Definition L1_equiv U V := in_ideal_gen (reesL1 b) ('X_[U] - 'X_[V] : Sring K m).

Lemma L1_equiv_refl U : L1_equiv U U.
Proof. by rewrite /L1_equiv subrr; apply: in_ideal_gen0. Qed.

Lemma L1_equiv_sym U V : L1_equiv U V -> L1_equiv V U.
Proof. by move=> UV; rewrite /L1_equiv -opprB -mulN1r; apply: in_ideal_genMl. Qed.

Lemma L1_equiv_trans V U W : L1_equiv U V -> L1_equiv V W -> L1_equiv U W.
Proof. by move=> UV VW; have := in_ideal_genD UV VW; rewrite addrA subrK. Qed.

Lemma binomial_reesL1 A A' : rees_mnm A = rees_mnm A' ->
  xwdeg A = 1%N -> xwdeg A' = 1%N -> reesL1 b ('X_[A] - 'X_[A'] : Sring K m).
Proof.
move=> eqA degA degA'; split; first by rewrite /reesL rees_mapB !rees_mapX eqA subrr.
by move=> M /msuppB_le; rewrite mem_cat !msuppX !inE => /orP[]/eqP->.
Qed.

Lemma L1_equiv_move U A A' : (A <= U)%MM -> rees_mnm A = rees_mnm A' ->
  xwdeg A = 1%N -> xwdeg A' = 1%N -> L1_equiv U (A' + (U - A))%MM.
Proof.
move=> AU eqA degA degA'; rewrite /L1_equiv -{1}(submK AU) addmC !mpolyXD -mulrBl mulrC.
exact/in_ideal_genMl/in_ideal_gen_mem/binomial_reesL1.
Qed.

Lemma rees_mnm_move U A A' : (A <= U)%MM -> rees_mnm A = rees_mnm A' ->
  rees_mnm (A' + (U - A)) = rees_mnm U.
Proof. by move=> AU eqA; rewrite rees_mnmD -eqA -rees_mnmD addmC submK. Qed.

Definition mnmTXW (t x : 'I_m -> nat) (w : nat) : 'X_{1..n2} :=
  (\sum_(i < m) (U_(tvar i) *+ t i + U_(xvar i) *+ x i) + U_(wvar m) *+ w)%MM.

Section MonomialTXW.
Variables (t x : 'I_m -> nat) (w : nat).

Lemma mnmTXW_t k : mnmTXW t x w (tvar k) = t k.
Proof.
rewrite mnmDE mnm_sumE mulmnE mnm1E rees_varE mul0n addn0.
by under eq_bigr do rewrite mnmDE !mulmnE !mnm1E !rees_varE mul0n addn0; rewrite sum_nat_delta.
Qed.

Lemma mnmTXW_x k : mnmTXW t x w (xvar k) = x k.
Proof.
rewrite mnmDE mnm_sumE mulmnE mnm1E rees_varE mul0n addn0.
by under eq_bigr do rewrite mnmDE !mulmnE !mnm1E !rees_varE mul0n add0n; rewrite sum_nat_delta.
Qed.

Lemma mnmTXW_w : mnmTXW t x w (wvar m) = w.
Proof.
rewrite mnmDE mnm_sumE mulmnE mnm1E eqxx mul1n big1 // => i _.
by rewrite mnmDE !mulmnE !mnm1E !rees_varE.
Qed.

Lemma texp_mnmTXW k : texp (mnmTXW t x w) k = (t k + B * x k + b k * w)%N.
Proof. by rewrite /texp mnmTXW_t mnmTXW_x mnmTXW_w. Qed.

++++++++

TASK DIRECTIONS: Write out again exactly the lines that run from the one holding "Definition mnmTXW (t" through the last line of the data; omit all other lines.

TASK ANSWER:
Definition mnmTXW (t x : 'I_m -> nat) (w : nat) : 'X_{1..n2} :=
  (\sum_(i < m) (U_(tvar i) *+ t i + U_(xvar i) *+ x i) + U_(wvar m) *+ w)%MM.

Section MonomialTXW.
Variables (t x : 'I_m -> nat) (w : nat).

Lemma mnmTXW_t k : mnmTXW t x w (tvar k) = t k.
Proof.
rewrite mnmDE mnm_sumE mulmnE mnm1E rees_varE mul0n addn0.
by under eq_bigr do rewrite mnmDE !mulmnE !mnm1E !rees_varE mul0n addn0; rewrite sum_nat_delta.
Qed.

Lemma mnmTXW_x k : mnmTXW t x w (xvar k) = x k.
Proof.
rewrite mnmDE mnm_sumE mulmnE mnm1E rees_varE mul0n addn0.
by under eq_bigr do rewrite mnmDE !mulmnE !mnm1E !rees_varE mul0n add0n; rewrite sum_nat_delta.
Qed.

Lemma mnmTXW_w : mnmTXW t x w (wvar m) = w.
Proof.
rewrite mnmDE mnm_sumE mulmnE mnm1E eqxx mul1n big1 // => i _.
by rewrite mnmDE !mulmnE !mnm1E !rees_varE.
Qed.

Lemma texp_mnmTXW k : texp (mnmTXW t x w) k = (t k + B * x k + b k * w)%N.
Proof. by rewrite /texp mnmTXW_t mnmTXW_x mnmTXW_w. Qed.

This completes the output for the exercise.